This page describes how to use virtual mailboxes.
Virtual mailboxes are a good way to give someone a "vanity address" on one of your domains, where they can receive and check email. You may create virtual e-mail boxes for any domains for which you have write permission in DomTool.
Before continuing, please note that DomTool allows you to create aliases that forward mail from one address to another. Aliases are much preferable to extra mailboxes, both in terms of conserving server resources and convenience for you, as you can continue checking one mail account even if multiple aliases point to it. The basic rule is: If you are creating a virtual mailbox that only you will read, or if you are creating multiple virtual mailboxes to be read by the same other person, then you should be using aliases instead.
It is also very important that your "daemon" user gets write privileges on the directory that is used to store mail for each vmail username.
To be able to receive email for the new virtual user, you need to create their Maildir directory, set the correct permissions on it, and then create the actual virtual mailbox.
In the working example below, replace $USER with your username, $VUSER with virtual user name, $DOMAIN with your domain, and $MAILDIR with the directory where the virtual user's email is to be stored.
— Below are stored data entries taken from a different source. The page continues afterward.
Lemma separating_reflection_eq r P Q : reflections_in d W r -> wall_sides r P Q ->
  C `<=` P -> t @` C `<=` Q -> r = t.
Proof.
move=> Rr sPQ CP tCQ; have rp := separating_reflection_fixes Rr sPQ CP tCQ.
have [[Wr rr] [Wt rt]] := (Rr, S_reflection St).
have [Ht [Ht' [sH CH eH]]] := halfspace_sides St.
have [q Cq pq] := chamber_near_wall_point eps0.
have [e1 e10 qHt] := ws_openA sH (CH q Cq).
pose e := Num.min (eps - d p q) e1.
have e0 : 0 < e by rewrite lt_min e10 subr_gt0 pq.
have ball_q z : d q z < e -> C z /\ d p z < eps.
  move=> qz; have pz : d p z < eps.
    have := dist_triangle p q z; have : e <= eps - d p q by rewrite ge_min lexx.
    by move: qz; lra.
  split => //; apply: near_p => //; rewrite eH; apply: qHt.
  by apply: lt_le_trans qz _; rewrite ge_min lexx orbT.
(* Near p, z cannot lie on C's side of F_t: it would be in C ⊆ P, whereas
   z = r (r z) ∈ r P = Q.  So t z ∈ C, and t r maps r z ∈ C into C. *)
have [z rqz nz] := reflection_nonfixed_near (r q) rt e0.
have rK := reflection_involutive rr.
have [Crz prz] : C (r z) /\ d p (r z) < eps.
  by apply: ball_q; rewrite -(W_dist Wr) rK.
have pz : d p z < eps by rewrite -{1}rp (W_dist Wr) in prz.
have nHz : ~ Ht z.
  move=> Hz; have Pz : P z by apply/CP/near_p; rewrite ?eH.
  have Qz : Q z by rewrite -(ws_swapA sPQ) -(rK z); exists (r z) => //; exact: CP.
  by have : (P `&` Q) z by []; rewrite (ws_disjoint sPQ).
have H'z : Ht' z.
  have : (Ht `|` Ht') z by rewrite -(ws_cover sH).
  by case=> // /nHz.
have Ctz : C (t z).
  have ptz : d p (t z) = d p z by rewrite -{1}tp (W_dist Wt).
  by apply: near_p; rewrite ?ptz // eH -(ws_swapB sH); exists z.
have trK : t \o r = id.
  apply: chamber_stab_id; first exact: W_comp.
  by exists (t z); split => //; exists (r z) => //=; rewrite rK.
have trx x : t (r x) = x by have /= := congr1 (@^~ x) trK.
by apply: funext => x; rewrite -{2}(trx x) (reflection_involutive rt).
Qed.

End NearWallPoint.

Lemma adjacent_reflection_eq t r P Q : S t -> reflections_in d W r -> wall_sides r P Q ->
  C `<=` P -> t @` C `<=` Q -> r = t.
Proof.
move=> St; have [p [eps [tp eps0 near_p]]] := wall_point St.
exact: (separating_reflection_eq St tp eps0 near_p).
Qed.

Lemma chamber_side_closure K r A B x : chamber d W K -> reflections_in d W r ->
  wall_sides r A B -> mclosure d K x -> A x -> K `<=` A.
Proof.
move=> cK Rr sAB Kx Ax; have [//|KB] := chamber_side cK Rr sAB.
have [AF _ _ _] := ws_componentA sAB.
have [Bx|Fx] := wall_sides_closure (wall_sidesC sAB) KB Kx; last by case: (AF x Ax).
by have : (A `&` B) x by []; rewrite (ws_disjoint sAB).
Qed.

(** * Exchange condition *)

Lemma W_prod_list l : all_in S l -> W (prod_list l).
Proof.
elim: l => [|a l IH] /=; first by case: W_group.
by case/all_in_cons => Sa al; apply: W_comp; [exact: (S_reflection Sa).1 | exact: IH].
Qed.

Lemma separating_wall_exchange u s t A B : W u -> S s -> S t -> wall_sides s A B ->
  u @` C `<=` B -> (u \o t) @` C `<=` A -> s \o u = u \o t.
Proof.
move=> Wu Ss St sAB uCB utCA; have [h [Wh uK hK]] := W_inverse Wu.
have [Ws Rs] := S_reflection Ss.
have Rr : reflections_in d W (h \o s \o u).
  split; first by apply: W_comp => //; exact: W_comp.
  exact: reflection_conj hK uK (W_dist Wh) _ Rs.
have sides := wall_sides_conj hK uK (W_dist Wh) (wall_sidesC sAB).
have CB : C `<=` h @` B by move=> c Cc; rewrite (image_can _ hK uK); apply: uCB; exists c.
have tCA : t @` C `<=` h @` A.
  by move=> _ [c Cc <-]; rewrite (image_can _ hK uK); apply: utCA; exists c.
rewrite -(adjacent_reflection_eq St Rr sides CB tCA).
by apply: funext => x /=; rewrite hK.
Qed.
Note that a relative pathname in $MAILDIR will be resolved by vmail relative your home directory.
maildirmake $MAILDIR fsr setacl $MAILDIR $USER.daemon write vmail $DOMAIN add $VUSER $MAILDIR # Enter a password as prompted. vmail $DOMAIN list # You will see that the new account shows up.
We use a custom program called vmail to manage delivery to virtual mailboxes. It may be invoked with vmail $DOMAIN $COMMAND, which indicates that you are configuring the virtual mailboxes for domain $DOMAIN for which you have DomTool permissions. The valid commands are:
list: Print the mapping from usernames to mailbox directories for $DOMAIN.
add $USER $MAILDIR: Add a mapping from $USER@$DOMAIN to a Maildir directory $MAILDIR. You'll be prompted to enter a password for the user, which he can then use to access IMAP, POP, or restricted SMTP services.
passwd $USER: Reset a virtual user's password.
rm $USER: Remove a mapping. The mailbox directory remains for you to deal with as you like.
People with virtual mailboxes may use the normal services for accessing their email, such as SSL IMAP and POP, and https://webmail.hcoop.net.They authenticate giving their full e-mail addresses as usernames, in contrast to the situation for normal UNIX users.
Note: If you try to log in to the web interface this will fail because the mail directory has not been initialized yet. Send a test message to the new account, then verify that the $MAILDIR directory now has some files (not only directories!) using find $MAILDIR -type f, and then try to access the account from the web interface.